Browse Publications Technical Papers 2020-01-0657
2020-04-14

Calibration and Parametric Investigations on Lean NOx Trap and Particulate Filter Models for a Light Duty Diesel Engine 2020-01-0657

To comply with the stringent future emission mandates of light-duty diesel engines, it is essential to deploy a suitable combination of emission control devices like diesel oxidation catalyst (DOC), diesel particulate filter (DPF) and DeNOx converter (LNT or SCR). Arriving at optimum size and layout of these emission control devices for a particular engine through experiments is both time and cost-intensive. Thus, it becomes important to develop suitable well-tuned simulation models that can be helpful to optimize individual emission control devices as well as arrive at an optimal layout for achieving higher conversion efficiency at a minimal cost.
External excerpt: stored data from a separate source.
(* For every small category $\mathcal C$ and every functor $\mathcal G:\mathcal C\to\mathbf{Grp}$ there is an isomorphism $\pi_1(\mathrm{hocolim}^{\mathcal C}B\mathcal G)\cong\mathrm{colim}^{\mathcal C}\mathcal G$. In particular, $\mathrm{hocolim}^{\mathcal C}B\mathcal G$ is simply connected if and only if $\mathrm{colim}^{\mathcal C}\mathcal G$ is the trivial group.
   Context: $\mathrm{colim}^{\mathcal C}\mathcal G$ is the ordinary colimit in the category of groups. $B\mathcal G$ is the diagram $c\mapsto B(\mathcal G(c))$ of nerves of groups (pointed simplicial sets with one vertex). For a diagram $F:\mathcal C\to\mathbf{sSet}_*$, $\mathrm{hocolim}^{\mathcal C}F$ is the Bousfield–Kan pointed homotopy colimit, realized as the pointed simplicial set with $n$-simplices $\bigvee_{c_0\to\cdots\to c_n}F(c_0)_n$ (diagonal of the simplicial replacement). *)

From Stdlib Require Import List Bool Relations ClassicalEpsilon.
Import ListNotations.


Record Cat := {
  Ob : Type;
  Hom : Ob -> Ob -> Type;
  idm : forall a, Hom a a;
  comp : forall a b c, Hom b c -> Hom a b -> Hom a c;
  comp_id_l : forall a b (f : Hom a b), comp a b b (idm b) f = f;
  comp_id_r : forall a b (f : Hom a b), comp a a b f (idm a) = f;
  comp_assoc : forall a b c d (h : Hom c d) (g : Hom b c) (f : Hom a b),
      comp a b d (comp b c d h g) f = comp a c d h (comp a b c g f)
}.
Arguments comp {_ _ _ _} _ _.
Arguments idm {_} _.

Record Grp := {
  gcar :> Type;
  gmul : gcar -> gcar -> gcar;
  gone : gcar;
  ginv : gcar -> gcar;
  gmul_assoc : forall x y z, gmul x (gmul y z) = gmul (gmul x y) z;
  gmul_1l : forall x, gmul gone x = x;
  gmul_1r : forall x, gmul x gone = x;
  gmul_Vl : forall x, gmul (ginv x) x = gone;
  gmul_Vr : forall x, gmul x (ginv x) = gone
}.
Arguments gmul {_} _ _.
Arguments gone {_}.
Arguments ginv {_} _.

Definition is_hom {G H : Grp} (f : G -> H) : Prop :=
  forall x y, f (gmul x y) = gmul (f x) (f y).

Record GrpFunctor (C : Cat) := {
  fobj : Ob C -> Grp;
  fmap : forall a b, Hom C a b -> fobj a -> fobj b;
  fmap_hom : forall a b (f : Hom C a b), is_hom (fmap a b f);
  fmap_id : forall a x, fmap a a (idm a) x = x;
  fmap_comp : forall a b c (g : Hom C b c) (f : Hom C a b) x,
      fmap a c (comp g f) x = fmap b c g (fmap a b f x)
}.
Arguments fobj {_} _ _.
Arguments fmap {_} _ {_ _} _ _.
Lemma box_growth : is_lim_seq (fun n => box_size (S n) / box_size n) 1.
Proof.
  apply is_lim_seq_le_le with (u := fun _ => 1) (w := fun n => 1 + 8 * / INR (S n)).
  - intros n. pose proof (box_size_pos n) as Hq.
    split; [rewrite <- Rle_div_r | rewrite Rle_div_l]; try exact Hq;
      rewrite !box_size_eq, S_INR; pose proof (pos_INR n) as Hx; [nra|].
    assert (Hinv : / (INR n + 1) * (INR n + 1) = 1) by (field; lra).
    assert (0 <= / (INR n + 1) * (3 * INR n ^ 2 + 2 * INR n)).
    { apply Rmult_le_pos; [left; apply Rinv_0_lt_compat|]; nra. }
    nra.
  - apply is_lim_seq_const.
  - replace (Finite 1) with (Finite (1 + 8 * 0)) by (f_equal; ring).
    apply is_lim_seq_plus'; [apply is_lim_seq_const|].
    apply (is_lim_seq_scal_l _ 8 0).
    apply (is_lim_seq_inv _ p_infty); [|discriminate].
    apply (is_lim_seq_incr_1 INR), is_lim_seq_INR.
Qed.

Lemma LimSup_seq_shift (u : nat -> R) :
  LimSup_seq (fun n => u (S n)) = LimSup_seq u.
Proof.
  destruct (ex_LimSup_seq u) as [l Hl].
  rewrite (is_LimSup_seq_unique _ _ Hl).
  apply is_LimSup_seq_unique, (is_LimSup_seq_ind_1 u l), Hl.
Qed.

Lemma LimSup_seq_lim (u : nat -> R) (l : Rbar) :
  is_lim_seq u l -> LimSup_seq u = l.
Proof. intros Hu. now apply is_LimSup_seq_unique, is_lim_LimSup_seq. Qed.

Lemma density_ge_of_count (C : code) (k : nat) : (0 < k)%nat ->
  (forall n, (length (Q n) <= k * length (filter C (Q (S n))))%nat) ->
  Rbar_le (1 / INR k) (density C).
Proof.
  intros Hk Hcount. set (K := INR k).
  assert (HK : 0 < K) by (apply lt_0_INR; exact Hk).
  unfold density. rewrite <- LimSup_seq_shift.
  rewrite <- (LimSup_seq_lim (fun n => / (K * (box_size (S n) / box_size n))) (1 / K)).
  - apply LimSup_le. exists O. intros n _. unfold density_ratio. fold (box_size (S n)).
    pose proof (box_size_pos n). pose proof (box_size_pos (S n)).
    specialize (Hcount n). apply le_INR in Hcount. rewrite mult_INR in Hcount.
    fold (box_size n) K in Hcount.
    replace (/ (K * (box_size (S n) / box_size n)))
      with (box_size n / (K * box_size (S n))) by (field; lra).
    rewrite Rle_div_l by nra.
    replace (INR (length (filter C (Q (S n)))) / box_size (S n) * (K * box_size (S n)))
      with (K * INR (length (filter C (Q (S n))))) by (field; lra).
    exact Hcount.
  - replace (1 / K) with (/ K) by (field; lra).
    apply (is_lim_seq_inv _ K).
    + replace (Finite K) with (Finite (K * 1)) by (f_equal; ring).
      apply (is_lim_seq_scal_l _ K 1), box_growth.
    + intros E; injection E; lra.
Qed.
Towards this objective, the present work intends to develop a one-dimensional Exhaust After Treatment Devices (EATD) model using a commercial code. The model parameters are fine-tuned based on experimental data. The EATD model is then validated with experiment data that are not used for tuning the model. Subsequently, the model was used for studying the effects of geometrical parameters of the after-treatment devices like diameter and length on the conversion efficiency and the pressure drop. The experimental investigations are done in a single-cylinder light-duty diesel engine currently used in Indian market fitted with a Lean NOx Trap (LNT), Diesel Oxidation Catalyst (DOC) and Diesel Particulate Filter (DPF). From the Indian Driving Cycle (IDC) cycle, 8 representative operating conditions were chosen and experiments were conducted at steady state at these conditions. The chemical kinetic parameters, friction loss and heat transfer coefficient of the one-dimensional model were tuned using five of the 8 experimental data sets. The remaining three data sets were used to validate the predictions with no further tuning. The model could predict the conversion efficiency, pressure drop and outlet temperature with better accuracy. The calibrated model was then used to predict the effect of geometrical parameters. The effects of varying length and diameter of the EATD were studied with this calibrated model. The results obtained show that increasing the diameter is more effective than increasing the length for enhanced conversion efficiency and reduced pressure drop across LNT. For LNT, increasing the diameter by 5% and reducing the length by 10% compared to the existing design, results in a 1% reduction in volume, an 11% increase in pressure drop with 1.6% higher conversion efficiency. For cDPF, increasing the diameter by 10% and reducing the length by 10% results in a 9% increase in volume, a 17% reduction in pressure drop with 1.5% higher conversion efficiency. Thus, the current model and methodology can be used for optimizing the size of EATD.